* [DESCRIPTION OF THE TASK]: From the material below, copy out each line with the word "comUnitRingType" in it.

* [SOURCE DATA]:
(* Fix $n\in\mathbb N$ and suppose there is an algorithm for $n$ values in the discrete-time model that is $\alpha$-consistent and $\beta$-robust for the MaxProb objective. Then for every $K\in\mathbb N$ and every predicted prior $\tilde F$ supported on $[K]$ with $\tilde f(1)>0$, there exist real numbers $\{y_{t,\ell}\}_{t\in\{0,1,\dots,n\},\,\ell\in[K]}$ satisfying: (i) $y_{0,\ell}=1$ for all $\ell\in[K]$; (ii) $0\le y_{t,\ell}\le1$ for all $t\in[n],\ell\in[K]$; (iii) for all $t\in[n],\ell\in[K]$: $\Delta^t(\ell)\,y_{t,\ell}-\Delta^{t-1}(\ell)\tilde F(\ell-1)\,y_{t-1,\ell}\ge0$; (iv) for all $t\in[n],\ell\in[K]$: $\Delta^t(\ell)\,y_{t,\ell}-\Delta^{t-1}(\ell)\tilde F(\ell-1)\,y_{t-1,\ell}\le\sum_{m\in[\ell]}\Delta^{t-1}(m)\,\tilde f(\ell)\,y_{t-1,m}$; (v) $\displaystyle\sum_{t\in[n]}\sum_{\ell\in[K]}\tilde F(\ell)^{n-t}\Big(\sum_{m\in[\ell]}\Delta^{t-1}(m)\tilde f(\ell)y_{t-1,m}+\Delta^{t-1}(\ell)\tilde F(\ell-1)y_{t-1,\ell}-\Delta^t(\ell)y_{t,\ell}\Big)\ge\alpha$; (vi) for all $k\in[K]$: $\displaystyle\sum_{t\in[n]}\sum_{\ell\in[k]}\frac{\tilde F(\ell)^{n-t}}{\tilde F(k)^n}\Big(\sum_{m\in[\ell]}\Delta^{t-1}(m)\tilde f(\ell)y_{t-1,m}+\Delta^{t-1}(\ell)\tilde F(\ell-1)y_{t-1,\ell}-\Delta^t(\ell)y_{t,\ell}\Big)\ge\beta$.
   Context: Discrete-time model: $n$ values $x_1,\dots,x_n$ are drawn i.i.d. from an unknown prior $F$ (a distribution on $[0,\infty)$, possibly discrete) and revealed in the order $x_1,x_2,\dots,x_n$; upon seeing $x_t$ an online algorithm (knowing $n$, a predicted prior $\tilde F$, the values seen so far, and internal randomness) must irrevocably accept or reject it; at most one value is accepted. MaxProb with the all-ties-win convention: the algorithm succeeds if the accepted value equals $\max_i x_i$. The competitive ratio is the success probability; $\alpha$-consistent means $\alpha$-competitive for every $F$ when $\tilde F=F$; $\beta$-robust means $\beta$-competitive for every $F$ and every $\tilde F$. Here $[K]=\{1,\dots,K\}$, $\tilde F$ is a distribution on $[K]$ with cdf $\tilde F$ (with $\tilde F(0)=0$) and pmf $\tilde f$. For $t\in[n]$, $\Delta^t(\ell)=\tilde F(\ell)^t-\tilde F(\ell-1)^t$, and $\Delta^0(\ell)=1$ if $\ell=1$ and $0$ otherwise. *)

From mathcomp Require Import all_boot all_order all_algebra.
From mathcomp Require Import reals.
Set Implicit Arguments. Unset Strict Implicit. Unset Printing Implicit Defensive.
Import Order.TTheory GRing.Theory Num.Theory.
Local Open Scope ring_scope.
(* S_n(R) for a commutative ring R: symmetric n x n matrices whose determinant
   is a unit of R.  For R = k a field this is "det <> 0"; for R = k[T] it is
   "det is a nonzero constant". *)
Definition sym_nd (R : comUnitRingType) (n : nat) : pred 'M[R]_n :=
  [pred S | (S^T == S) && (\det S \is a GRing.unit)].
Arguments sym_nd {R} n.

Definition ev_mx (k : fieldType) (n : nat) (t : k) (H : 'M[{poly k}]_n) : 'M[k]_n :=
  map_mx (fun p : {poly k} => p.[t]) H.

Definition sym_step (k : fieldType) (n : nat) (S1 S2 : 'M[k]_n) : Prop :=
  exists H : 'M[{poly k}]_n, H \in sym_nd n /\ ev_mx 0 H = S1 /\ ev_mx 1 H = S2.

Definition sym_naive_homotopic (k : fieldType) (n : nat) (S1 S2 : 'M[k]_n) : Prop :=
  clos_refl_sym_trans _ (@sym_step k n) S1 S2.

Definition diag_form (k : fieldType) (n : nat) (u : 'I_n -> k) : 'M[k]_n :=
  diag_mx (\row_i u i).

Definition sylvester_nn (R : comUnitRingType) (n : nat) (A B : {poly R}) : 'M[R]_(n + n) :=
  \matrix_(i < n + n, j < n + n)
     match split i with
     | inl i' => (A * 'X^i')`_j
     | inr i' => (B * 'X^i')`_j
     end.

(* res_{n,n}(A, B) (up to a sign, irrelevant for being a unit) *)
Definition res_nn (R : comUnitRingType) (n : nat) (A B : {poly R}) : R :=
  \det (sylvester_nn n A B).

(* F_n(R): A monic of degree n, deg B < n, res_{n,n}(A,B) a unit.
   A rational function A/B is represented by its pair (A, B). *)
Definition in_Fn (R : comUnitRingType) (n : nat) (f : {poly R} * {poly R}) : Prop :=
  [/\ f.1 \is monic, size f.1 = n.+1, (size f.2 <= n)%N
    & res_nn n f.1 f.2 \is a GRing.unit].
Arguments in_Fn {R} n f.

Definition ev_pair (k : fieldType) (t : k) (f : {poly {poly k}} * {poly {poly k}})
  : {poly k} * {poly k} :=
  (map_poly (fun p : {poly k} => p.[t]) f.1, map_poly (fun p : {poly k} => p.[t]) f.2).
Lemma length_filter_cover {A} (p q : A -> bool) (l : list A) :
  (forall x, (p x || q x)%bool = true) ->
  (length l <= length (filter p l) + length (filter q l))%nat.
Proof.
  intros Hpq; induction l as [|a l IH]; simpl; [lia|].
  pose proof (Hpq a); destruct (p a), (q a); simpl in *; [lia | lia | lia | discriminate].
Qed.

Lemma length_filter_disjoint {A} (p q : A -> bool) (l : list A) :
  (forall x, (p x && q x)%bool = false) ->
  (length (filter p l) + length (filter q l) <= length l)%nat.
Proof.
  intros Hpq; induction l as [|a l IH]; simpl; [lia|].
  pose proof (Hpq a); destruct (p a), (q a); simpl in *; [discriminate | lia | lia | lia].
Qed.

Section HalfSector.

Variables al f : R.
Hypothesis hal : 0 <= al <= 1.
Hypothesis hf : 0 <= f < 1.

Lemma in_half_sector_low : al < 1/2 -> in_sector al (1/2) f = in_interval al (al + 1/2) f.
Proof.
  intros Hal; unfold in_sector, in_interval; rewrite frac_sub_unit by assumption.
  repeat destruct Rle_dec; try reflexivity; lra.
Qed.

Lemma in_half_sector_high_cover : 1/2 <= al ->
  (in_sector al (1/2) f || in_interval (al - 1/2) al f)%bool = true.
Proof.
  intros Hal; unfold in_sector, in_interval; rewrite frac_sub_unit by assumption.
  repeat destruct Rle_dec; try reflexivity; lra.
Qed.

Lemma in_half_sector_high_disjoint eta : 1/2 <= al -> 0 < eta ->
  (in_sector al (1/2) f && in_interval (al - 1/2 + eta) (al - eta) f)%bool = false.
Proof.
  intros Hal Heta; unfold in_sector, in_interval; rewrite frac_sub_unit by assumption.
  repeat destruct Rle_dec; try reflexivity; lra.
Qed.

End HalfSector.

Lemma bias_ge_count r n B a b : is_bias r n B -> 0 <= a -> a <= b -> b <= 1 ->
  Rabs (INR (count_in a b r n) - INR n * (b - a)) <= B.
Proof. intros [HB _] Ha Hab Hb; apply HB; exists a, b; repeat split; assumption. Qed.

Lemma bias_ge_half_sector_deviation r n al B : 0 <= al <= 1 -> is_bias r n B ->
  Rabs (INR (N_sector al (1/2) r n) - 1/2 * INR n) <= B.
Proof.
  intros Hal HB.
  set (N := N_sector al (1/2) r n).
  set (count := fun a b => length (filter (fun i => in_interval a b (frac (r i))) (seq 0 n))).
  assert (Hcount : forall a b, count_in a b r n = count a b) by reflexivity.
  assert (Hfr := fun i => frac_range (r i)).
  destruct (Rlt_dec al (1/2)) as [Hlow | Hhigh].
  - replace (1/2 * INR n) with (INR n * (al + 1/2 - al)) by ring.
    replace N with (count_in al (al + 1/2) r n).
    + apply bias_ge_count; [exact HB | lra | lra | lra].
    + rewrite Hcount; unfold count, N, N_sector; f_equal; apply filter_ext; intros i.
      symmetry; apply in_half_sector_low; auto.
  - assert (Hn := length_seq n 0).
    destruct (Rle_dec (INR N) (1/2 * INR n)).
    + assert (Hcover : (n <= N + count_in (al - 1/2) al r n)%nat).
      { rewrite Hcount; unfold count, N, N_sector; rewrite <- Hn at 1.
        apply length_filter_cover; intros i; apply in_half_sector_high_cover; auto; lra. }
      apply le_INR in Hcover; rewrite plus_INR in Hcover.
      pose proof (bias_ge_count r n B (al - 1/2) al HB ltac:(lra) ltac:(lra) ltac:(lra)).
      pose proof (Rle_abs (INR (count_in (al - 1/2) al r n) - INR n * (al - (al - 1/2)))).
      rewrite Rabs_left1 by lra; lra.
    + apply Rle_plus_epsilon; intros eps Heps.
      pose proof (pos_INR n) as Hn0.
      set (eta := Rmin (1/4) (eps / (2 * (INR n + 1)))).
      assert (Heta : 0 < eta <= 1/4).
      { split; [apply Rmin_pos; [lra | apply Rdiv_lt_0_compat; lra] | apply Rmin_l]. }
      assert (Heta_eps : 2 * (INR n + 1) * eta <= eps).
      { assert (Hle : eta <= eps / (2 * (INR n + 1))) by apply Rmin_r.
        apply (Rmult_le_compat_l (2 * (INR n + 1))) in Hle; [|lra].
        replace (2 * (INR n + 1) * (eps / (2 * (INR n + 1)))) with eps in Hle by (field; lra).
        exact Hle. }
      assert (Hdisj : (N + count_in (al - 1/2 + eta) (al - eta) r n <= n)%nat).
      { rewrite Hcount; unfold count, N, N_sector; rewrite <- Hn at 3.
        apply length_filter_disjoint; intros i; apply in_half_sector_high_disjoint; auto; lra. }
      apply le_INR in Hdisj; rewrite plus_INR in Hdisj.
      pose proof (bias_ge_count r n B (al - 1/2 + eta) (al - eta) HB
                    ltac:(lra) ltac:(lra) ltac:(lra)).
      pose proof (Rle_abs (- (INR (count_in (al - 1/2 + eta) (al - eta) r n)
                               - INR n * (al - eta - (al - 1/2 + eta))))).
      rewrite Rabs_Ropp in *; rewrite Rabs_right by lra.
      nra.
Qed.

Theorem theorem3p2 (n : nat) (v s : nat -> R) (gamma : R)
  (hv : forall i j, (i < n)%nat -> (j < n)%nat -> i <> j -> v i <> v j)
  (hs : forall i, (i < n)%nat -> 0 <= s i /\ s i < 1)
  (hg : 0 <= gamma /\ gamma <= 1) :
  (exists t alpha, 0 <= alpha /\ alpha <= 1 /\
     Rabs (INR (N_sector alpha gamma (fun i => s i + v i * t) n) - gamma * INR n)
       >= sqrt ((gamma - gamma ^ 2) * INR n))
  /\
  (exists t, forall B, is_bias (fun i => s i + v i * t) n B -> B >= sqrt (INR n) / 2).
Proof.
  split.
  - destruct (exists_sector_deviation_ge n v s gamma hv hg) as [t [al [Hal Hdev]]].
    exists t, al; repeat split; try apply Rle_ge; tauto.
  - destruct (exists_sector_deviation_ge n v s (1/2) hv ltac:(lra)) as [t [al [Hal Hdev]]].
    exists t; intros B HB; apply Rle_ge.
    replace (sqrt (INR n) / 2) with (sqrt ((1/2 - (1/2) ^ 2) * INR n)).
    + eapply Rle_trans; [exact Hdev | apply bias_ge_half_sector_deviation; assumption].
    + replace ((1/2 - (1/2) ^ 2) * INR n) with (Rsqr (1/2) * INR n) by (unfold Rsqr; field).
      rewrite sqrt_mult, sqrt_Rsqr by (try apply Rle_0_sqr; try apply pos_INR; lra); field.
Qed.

* [ANSWER SECTION]:
Definition sym_nd (R : comUnitRingType) (n : nat) : pred 'M[R]_n :=
Definition sylvester_nn (R : comUnitRingType) (n : nat) (A B : {poly R}) : 'M[R]_(n + n) :=
Definition res_nn (R : comUnitRingType) (n : nat) (A B : {poly R}) : R :=
Definition in_Fn (R : comUnitRingType) (n : nat) (f : {poly R} * {poly R}) : Prop :=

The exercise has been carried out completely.